> Work to be completed:
Each entry, from beginning to end, is to be transcribed verbatim.

> Given data:

(* Let $\theta>1$, $r\in(\theta^{-1},\theta^{-1/2}]$ and $s=\max\big(1,\frac{\ln\theta}{\ln(r\theta)}-2\big)$. Suppose the random price sequence has maximum $P^*=p^*$ almost surely for a fixed $p^*\in[1,\theta]$, and let $Y$ be a random prediction with values in $[1,\theta]$. Then \[ \frac{\mathbb{E}[\mathsf{A}^1_r(P,Y)]}{\mathbb{E}[P^*]}\ \ge\ \frac{1}{r\theta}\,\Lambda(p^* ),\qquad \Lambda(p^* ):=\mathbb{E}\big[\mathcal{E}(p^*,Y)^{s}\big]. \]
   Context: One-max search: fix $\theta>1$. Prices $p_1,\dots,p_n\in[1,\theta]$ are revealed one at a time; the algorithm receives at the start a prediction $y\in[1,\theta]$ of the maximum price. At each step it irrevocably accepts the current price (payoff = that price) or rejects it; if nothing is accepted the payoff is $1$. Let $\varphi_r(z)=\frac{r\theta-1}{1-r}+\frac{1-r^2\theta}{1-r}\cdot\frac{z}{r\theta}$ and $\Phi^1_r(z)=\max(r\theta,\varphi_r(z))$; $\mathsf{A}^1_r$ accepts the first price $p_i\ge\Phi^1_r(y)$, and $\mathsf{A}^1_r(P,Y)$ is its payoff on the realized (random) prices and prediction. $\mathcal{E}(a,b)=\min\{a/b,b/a\}$. *)

From HB Require Import structures.
From mathcomp Require Import all_boot all_order all_algebra.
From mathcomp Require Import all_classical all_reals all_analysis.
Set Implicit Arguments. Unset Strict Implicit. Unset Printing Implicit Defensive.
Import Order.TTheory GRing.Theory Num.Theory.
Import numFieldNormedType.Exports.
Local Open Scope ring_scope.

Section OneMax.
Variable R : realType.

Definition varphi (theta r z : R) : R :=
  (r * theta - 1) / (1 - r) + (1 - r ^+ 2 * theta) / (1 - r) * (z / (r * theta)).

Definition Phi1 (theta r z : R) : R := Num.max (r * theta) (varphi theta r z).

Fixpoint threshold_payoff (thr : R) (s : seq R) : R :=
  match s with
  | [::] => 1
  | x :: s' => if thr <= x then x else threshold_payoff thr s'
  end.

> Your response:
(* Let $\theta>1$, $r\in(\theta^{-1},\theta^{-1/2}]$ and $s=\max\big(1,\frac{\ln\theta}{\ln(r\theta)}-2\big)$. Suppose the random price sequence has maximum $P^*=p^*$ almost surely for a fixed $p^*\in[1,\theta]$, and let $Y$ be a random prediction with values in $[1,\theta]$. Then \[ \frac{\mathbb{E}[\mathsf{A}^1_r(P,Y)]}{\mathbb{E}[P^*]}\ \ge\ \frac{1}{r\theta}\,\Lambda(p^* ),\qquad \Lambda(p^* ):=\mathbb{E}\big[\mathcal{E}(p^*,Y)^{s}\big]. \]
   Context: One-max search: fix $\theta>1$. Prices $p_1,\dots,p_n\in[1,\theta]$ are revealed one at a time; the algorithm receives at the start a prediction $y\in[1,\theta]$ of the maximum price. At each step it irrevocably accepts the current price (payoff = that price) or rejects it; if nothing is accepted the payoff is $1$. Let $\varphi_r(z)=\frac{r\theta-1}{1-r}+\frac{1-r^2\theta}{1-r}\cdot\frac{z}{r\theta}$ and $\Phi^1_r(z)=\max(r\theta,\varphi_r(z))$; $\mathsf{A}^1_r$ accepts the first price $p_i\ge\Phi^1_r(y)$, and $\mathsf{A}^1_r(P,Y)$ is its payoff on the realized (random) prices and prediction. $\mathcal{E}(a,b)=\min\{a/b,b/a\}$. *)

From HB Require Import structures.
From mathcomp Require Import all_boot all_order all_algebra.
From mathcomp Require Import all_classical all_reals all_analysis.
Set Implicit Arguments. Unset Strict Implicit. Unset Printing Implicit Defensive.
Import Order.TTheory GRing.Theory Num.Theory.
Import numFieldNormedType.Exports.
Local Open Scope ring_scope.

Section OneMax.
Variable R : realType.

Definition varphi (theta r z : R) : R :=
  (r * theta - 1) / (1 - r) + (1 - r ^+ 2 * theta) / (1 - r) * (z / (r * theta)).

Definition Phi1 (theta r z : R) : R := Num.max (r * theta) (varphi theta r z).

Fixpoint threshold_payoff (thr : R) (s : seq R) : R :=
  match s with
  | [::] => 1
  | x :: s' => if thr <= x then x else threshold_payoff thr s'
  end.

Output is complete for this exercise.